Era la prima volta che ne vedevo uno da vicino: esteticamente era esaltante, gli intarsi e le preziose decorazioni madreperlacee erano stupefacenti.
Giulio non ha resistito alla tentazione gli ha letteralmente strappato di mano lo strumento, eccitato come un bambino ha provato a suonarlo: in postura da “Ravi Shankar” e con la solita invidiabile facilità, dopo aver compreso la disposizione delle note sul manico, è riuscito a cavarne suoni gradevoli all’orecchio.
Marco aveva portato dal viaggio anche un piccolo armonium indiano: una sorta di organetto con tastiera e un mantice posto sul retro che, azionato durante l’esecuzione, ne alimentava il suono.
Senza esitare ha preso a eseguire la melodia suadente di un Rāga.
Piero che con la sua ragazza avevano condiviso quel mitico viaggio, imbracciato il proprio flauto traverso si è messo ad accompagnarlo.
Lui intorno ai trent’ anni, con lineamenti marcati, lunghi e folti capelli corvini, grandi baffi e mosca al mento era un personaggio affascinante:
a guardarlo appariva come un clone di Frank Zappa.
Giulio ha lasciato il sitar a un altro commensale e ha messo mano all’inseparabile chitarra “Ovation”, da un angolo sono comparse delle “tabla” e dei cimbali, per dare supporto ritmico dell’estemporanea jam session.
Inevitabilmente ci siamo trovati a cantare “My Sweet Lord” di Geoge Harrison e "Gange Mai", il brano mistico dal primo album dei Quintessence.
Naturalmente mi sono guardato bene da cercare di suonare alcunché o di cantare: la mia nota mancanza d'intonazione e capacità di produrre qualcosa di udibile con qualsivoglia strumento, mi induceva al silenzio.
Però tamburellavo con le dita sulla tavola per tutto il tempo, seguendo il ritmo di ogni pezzo.

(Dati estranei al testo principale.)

From HB Require Import structures.
From mathcomp Require Import all_boot all_order all_algebra.
From mathcomp Require Import reals complex.
From mathcomp Require Import ring lra.
Set Implicit Arguments.
Unset Strict Implicit.
Unset Printing Implicit Defensive.
Import Order.TTheory GRing.Theory Num.Theory.
Local Open Scope ring_scope.

(* Jacobi-Ricci commuting means A(rho x, v, v, w) = A(x, v, v, rho w).  Polarized,
   this says that the tensor Q(x, y, z, w) := A(x, y, z, rho w), which is
   antisymmetric in its first two slots and satisfies the Bianchi identity in its
   first three, has a polarized Jacobi form symmetric in the outer slots; such a
   Q is invariant under reversing its arguments, i.e. A(rho x, y, z, w) =
   A(x, y, z, rho w), and by the curvature symmetries rho then moves freely
   between all four slots.  This persists for every affine expression c (rho - a),
   in particular for J.  Since rho is diagonalizable over C, it is annihilated by
   any real polynomial vanishing on its spectrum: X - a1 in the Einstein case,
   (X - a1)^2 + a2^2 otherwise, which gives rho = a1 and J^2 = -1. *)

Section ReversalSymmetry.
Variables (R : realFieldType) (T : Type) (Q : T -> T -> T -> T -> R).
Hypothesis Q_anti : forall x y z w, Q x y z w = - Q y x z w.
Hypothesis Q_bianchi : forall x y z w, Q x y z w + Q y z x w + Q z x y w = 0.
Hypothesis Q_polar_sym :
  forall x y z w, Q x y z w + Q x z y w = Q w y z x + Q w z y x.

Let E x y z w := Q w z y x - Q x y z w.

(* [E x] is odd under the 3-cycle of its last three arguments, a permutation of
   order three, so [E = - E]. *)
Let E_cycle x y z w : E x y z w = - E x z w y.
Proof.
rewrite /E.
have := Q_polar_sym x y z w; have := Q_polar_sym x z w y;
have := Q_polar_sym y x z w.
have := Q_anti y w z x; have := Q_anti x w z y; have := Q_anti x z y w;
have := Q_anti y z w x; have := Q_anti x z w y; have := Q_anti x y z w.
have := Q_bianchi x w z y; have := Q_bianchi y w z x; have := Q_bianchi x y z w.
lra.
Qed.

Lemma reverse_of_polar_sym x y z w : Q x y z w = Q w z y x.
Proof.
suff: E x y z w = 0 by rewrite /E => /eqP; rewrite subr_eq0 => /eqP.
have := E_cycle x y z w; have := E_cycle x z w y; have := E_cycle x w y z.
lra.
Qed.
End ReversalSymmetry.

Section CurvatureTensor.
Variables (R : realFieldType) (V : lmodType R) (f : V -> V -> V -> V -> R).
Hypothesis f_anti : forall x y z w, f x y z w = - f y x z w.
Hypothesis f_pair : forall x y z w, f x y z w = f z w x y.
Hypothesis f_bianchi : forall x y z w, f x y z w + f y z x w + f z x y w = 0.
Hypothesis f_linear1 : forall a x u y z w, f (a *: x + u) y z w = a * f x y z w + f u y z w.

Lemma f_anti34 x y z w : f x y z w = - f x y w z.
Proof. by rewrite f_pair f_anti (f_pair w). Qed.

Lemma f_reverse x y z w : f x y z w = f w z y x.
Proof. by rewrite f_anti f_anti34 opprK f_pair. Qed.

Lemma f_add1 x u y z w : f (x + u) y z w = f x y z w + f u y z w.
Proof. by have := f_linear1 1 x u y z w; rewrite scale1r mul1r. Qed.

Lemma f_add2 x y u z w : f x (y + u) z w = f x y z w + f x u z w.
Proof. by rewrite (f_anti x) f_add1 opprD -(f_anti x) -(f_anti x). Qed.

Lemma f_add3 x y z u w : f x y (z + u) w = f x y z w + f x y u w.
Proof. by rewrite (f_pair x) f_add1 (f_pair z) (f_pair u). Qed.

Lemma f_linear4 a x u y z w : f y z w (a *: x + u) = a * f y z w x + f y z w u.
Proof. by rewrite (f_reverse y) f_linear1 (f_reverse x) (f_reverse u). Qed.

Lemma f0_1 y z w : f 0 y z w = 0.
Proof. by have := f_linear1 (-1) y y y z w; rewrite scaleN1r addNr mulN1r addNr. Qed.

Lemma f_scale1 a x y z w : f (a *: x) y z w = a * f x y z w.
Proof. by have := f_linear1 a x 0 y z w; rewrite !addr0 f0_1 addr0. Qed.

Lemma f_scale4 a x y z w : f y z w (a *: x) = a * f y z w x.
Proof. by rewrite (f_reverse y) f_scale1 -f_reverse. Qed.

Lemma f_sum1 (I : Type) (r : seq I) (P : pred I) (c : I -> R) (v : I -> V) y z w :
  f (\sum_(i <- r | P i) c i *: v i) y z w = \sum_(i <- r | P i) c i * f (v i) y z w.
Proof. by elim/big_rec2: _ => [|i a b _ <-]; rewrite ?f0_1 ?f_linear1. Qed.

Lemma f_sum4 (I : Type) (r : seq I) (P : pred I) (c : I -> R) (v : I -> V) x y z :
  f x y z (\sum_(i <- r | P i) c i *: v i) = \sum_(i <- r | P i) c i * f x y z (v i).
Proof.
by rewrite f_reverse f_sum1; apply: eq_bigr => i _; rewrite -f_reverse.
Qed.

Section Endomorphism.
Variable N : V -> V.

Lemma curvature_commute_of_jacobi :
    (forall x v w, f (N x) v v w = f x v v (N w)) ->
  forall x y z w, f (N x) y z w = f x y z (N w).
Proof.
move=> NJ x y z w.
have polar a b c d : f (N a) b c d + f (N a) c b d = f a b c (N d) + f a c b (N d).
  by have := NJ a (b + c) d; have := NJ a b d; have := NJ a c d;
    rewrite !f_add2 !f_add3; lra.
have rev a b c d : f a b c (N d) = f d c b (N a).
  apply: (@reverse_of_polar_sym _ _ (fun a b c d => f a b c (N d))) => {a b c d}.
  - by move=> a b c d; exact: f_anti.
  - by move=> a b c d; exact: f_bianchi.
  by move=> a b c d; rewrite (f_reverse a) (f_reverse a c) polar addrC.
by rewrite (f_reverse (N x)) rev.
Qed.

Hypothesis fN : forall x y z w, f (N x) y z w = f x y z (N w).

Lemma commute_affine c d x y z w :
  f (c *: N x + d *: x) y z w = f x y z (c *: N w + d *: w).
Proof. by rewrite f_linear1 f_scale1 f_linear4 f_scale4 fN. Qed.

Lemma commute_all_slots x y z w :
  [/\ f (N x) y z w = f x (N y) z w, f x (N y) z w = f x y (N z) w
    & f x y (N z) w = f x y z (N w)].
Proof.
have slot2 : f x (N y) z w = f x y z (N w) by rewrite f_anti fN -f_anti.
have slot3 : f x y (N z) w = f (N x) y z w by rewrite f_anti34 -fN -f_anti34.
by split; rewrite ?slot2 ?slot3 ?fN.
Qed.
End Endomorphism.
End CurvatureTensor.

Section Diagonalizable.
Variable F : fieldType.

Lemma eigenvalue_diag_mx n (d : 'rV[F]_n) i : eigenvalue (diag_mx d) (d 0 i).
Proof.
apply/eigenvalueP; exists (delta_mx 0 i); first by rewrite -rowE row_diag_mx.
by apply/eqP => /matrixP/(_ 0 i)/eqP; rewrite !mxE !eqxx oner_eq0.
Qed.

Lemma eigenvalue_scalar_mx n (a l : F) : eigenvalue (a%:M : 'M_n.+1) l = (l == a).
Proof.
apply/idP/eqP => [/eigenvalueP[v] | ->]; last first.
  by have := eigenvalue_diag_mx (const_mx a : 'rV_n.+1) ord0; rewrite mxE diag_const_mx.
rewrite mul_mx_scalar => /eqP; rewrite -subr_eq0 -scalerBl scaler_eq0 subr_eq0.
by case/orP => [/eqP-> | ->].
Qed.

Lemma horner_mx_diagonalizable n (M P : 'M[F]_n.+1) (p : {poly F}) :
    P \in unitmx -> is_diag_mx (P *m M *m invmx P) ->
    (forall l, eigenvalue M l -> root p l) ->
  horner_mx M p = 0.
Proof.
move=> Pu /diag_mxP[d Md] p_roots.
have d_roots i : root p (d 0 i).
  apply/p_roots/(eigenvalue_conjmx (stablemx_unit M Pu)); first by rewrite row_free_unit.
  by rewrite conjumx // Md; exact: eigenvalue_diag_mx.
have : P *m horner_mx M p *m invmx P = 0.
  rewrite -horner_mx_uconj // Md horner_mx_diag; apply/matrixP => i j.
  by rewrite !mxE (rootP (d_roots i)) mul0rn.
move/(congr1 (fun X => invmx P *m X *m P)).
by rewrite !mulmxA mulVmx // mul1mx mulmxKV // mulmx0 mul0mx.
Qed.
End Diagonalizable.

Lemma mulmx_affine (R : comNzRingType) n (M : 'M[R]_n) c a (u : 'rV_n) :
  u *m (c *: (M - a%:M)) = c *: (u *m M) + (- (c * a)) *: u.
Proof. by rewrite -scalemxAr mulmxBr mul_mx_scalar scalerBr scalerA scaleNr. Qed.

Section Model.
Variables (R : realType) (n : nat) (G : 'M[R]_n) (A : tensor4 R n).
Hypotheses (G_sym : G^T = G) (G_unit : G \in unitmx).
Hypothesis A_act : algebraic_curvature_tensor A.
Local Notation rho := (ricci G A).

Lemma Aev_linear1 a x u y z w :
  Aev A (a *: x + u) y z w = a * Aev A x y z w + Aev A u y z w.
Proof.
rewrite /Aev !mulr_sumr -big_split; apply: eq_bigr => i _.
rewrite !mulr_sumr -big_split; apply: eq_bigr => j _.
rewrite !mulr_sumr -big_split; apply: eq_bigr => k _.
rewrite !mulr_sumr -big_split; apply: eq_bigr => l _.
by rewrite !mxE /=; ring.
Qed.

Let A_anti := A_act.1.
Let A_pair := A_act.2.1.
Let A_bianchi := A_act.2.2.

Lemma Aev_sum_bvec1 x y z w : Aev A x y z w = \sum_i x 0 i * Aev A (bvec R i) y z w.
Proof. by rewrite {1}(row_sum_delta x) (f_sum1 Aev_linear1). Qed.

Lemma Aev_sum_bvec4 x y z w : Aev A y z w x = \sum_i x 0 i * Aev A y z w (bvec R i).
Proof. by rewrite {1}(row_sum_delta x) (f_sum4 A_anti A_pair Aev_linear1). Qed.

Lemma ip_mulmx_invmx (M : 'M[R]_n) u v :
  ip G (u *m (M *m invmx G)) v = (u *m M *m v^T) 0 0.
Proof. by rewrite /ip !mulmxA -(mulmxA _ (invmx G)) mulVmx // mulmx1. Qed.

Lemma ip_sym u v : ip G u v = ip G v u.
Proof.
rewrite /ip; transitivity (((u *m G *m v^T)^T) 0 0); first by rewrite [RHS]mxE.
by rewrite !trmx_mul trmxK G_sym mulmxA.
Qed.

Lemma ip_jacobi v y z : ip G (y *m jacobi G A v) z = Aev A y v v z.
Proof.
rewrite /jacobi ip_mulmx_invmx mxE.
under eq_bigr => j _ do rewrite !mxE big_distrl /=.
rewrite exchange_big Aev_sum_bvec1; apply: eq_bigr => i _.
rewrite Aev_sum_bvec4 mulr_sumr; apply: eq_bigr => j _; rewrite !mxE; ring.
Qed.

Lemma ip_linear a b u v w : ip G (a *: u + b *: v) w = a * ip G u w + b * ip G v w.
Proof. by rewrite /ip !mulmxDl -!scalemxAl !mxE. Qed.

Lemma ricci_self_adjoint x y : ip G (x *m rho) y = ip G x (y *m rho).
Proof.
rewrite /ricci ip_mulmx_invmx /ip.
set Ric := \matrix_(i, j) _.
have Ric_sym : Ric^T = Ric.
  by apply/matrixP => i j; rewrite !mxE /ricci_form; apply: eq_bigr => k _; rewrite addrC.
by rewrite !trmx_mul trmx_inv G_sym Ric_sym !mulmxA -(mulmxA x G) mulmxV // mulmx1.
Qed.

Lemma self_adjoint_affine c a x y :
  ip G (x *m (c *: (rho - a%:M))) y = ip G x (y *m (c *: (rho - a%:M))).
Proof.
by rewrite !mulmx_affine ip_linear [RHS]ip_sym ip_linear ricci_self_adjoint !(ip_sym x).
Qed.

Hypothesis rho_JRC : jacobi_ricci_commuting G A.

Lemma jacobi_ricci_Aev x v z : Aev A (x *m rho) v v z = Aev A x v v (z *m rho).
Proof.
have := congr1 (fun M => ip G (x *m M) z) (rho_JRC v).
by rewrite /= (mulmxA x (jacobi G A v)) (mulmxA x) ricci_self_adjoint !ip_jacobi.
Qed.

Lemma ricci_curvature_commute x y z w :
  Aev A (x *m rho) y z w = Aev A x y z (w *m rho).
Proof. exact: (curvature_commute_of_jacobi A_anti A_pair A_bianchi Aev_linear1 jacobi_ricci_Aev). Qed.

Lemma affine_ricci_commute c a x y z w :
  let J := c *: (rho - a%:M) in
  [/\ Aev A (x *m J) y z w = Aev A x (y *m J) z w,
      Aev A x (y *m J) z w = Aev A x y (z *m J) w
    & Aev A x y (z *m J) w = Aev A x y z (w *m J)].
Proof.
apply: (commute_all_slots A_anti A_pair (N := fun u => u *m _)) => u v s t.
by rewrite !mulmx_affine (commute_affine A_anti A_pair Aev_linear1 ricci_curvature_commute).
Qed.
End Model.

Al termine dell’ improvvisato concerto, siamo passati ad ascoltare brani da due album freschi d’uscita che Marco teneva a farci sentire.
Il primo 33 giri era "The Inner Mounting Flame": il debutto della Mahavishnu Orchestra, con John McLaughlin alla chitarra, Billy Cobham alla batteria e il violino di Jean-Luc Ponty.
Quest’ultimo era un giovane prodigio che avevo visto esibirsi in un concerto dei Curved Air a cui ero stato.
Il secondo album era "Caravanserai" di Carlos Santana, aveva una copertina stupenda: un enorme sole al tramonto, su un deserto nei toni d’azzurro, solcato da una lunga carovana di cammelli.
Marco ha detto che si trattava di un è un disco intensamente spirituale: un viaggio sonoro esotico ed esoterico, un flusso travolgente di musica che si avvicenda senza interruzioni e in cui ogni brano si fonde con il successivo.
Rappresentava il punto di svolta della band, che lasciava i sound latini per approdare al jazz fusion.
L’album, a suo parere, era un vero “trip": quindi andava ascoltato solamente dopo aver acceso un corposo “cilum”.
Alla parola “cilum” hanno iniziato ad aumentarmi le pulsazioni.
Come Giulio aveva anticipato, in questa cena avremmo avuto la nostra iniziazione al fumo dello “shit”
Ovviamente provavo grande curiosità ed eccitazione, ma anche un filo d’ansia.
Fumare hashis era un’esperienza già compiuta da molti nostri amici o compagni di scuola, in genere si parlava di un’esperienza strafiga: uno stato d’alterazione dei sensi che ti apriva a una dimensione sensoriale inesplorata, un viaggio affascinante e inconsueto della mente e del corpo, qualcosa fin di mistico.
Ma si diceva anche di “viaggi andati male”, i così detti “bad trip”:
sballi con malessere fisico e prostrazione mentale che si definivano di “paranoia”, nei quali subivi sensazioni di nausea e in certi casi vomitavi anche il pranzo di due giorno prima.
Per quelli della nostra età che seguivano un’ideale di vita freak, restava una tappa di passaggio obbligato: il ticket per essere considerato uno “giusto", in altre parole “autentico", uno che sceglieva d’essere così per convinzione e non per moda o perché facesse figo.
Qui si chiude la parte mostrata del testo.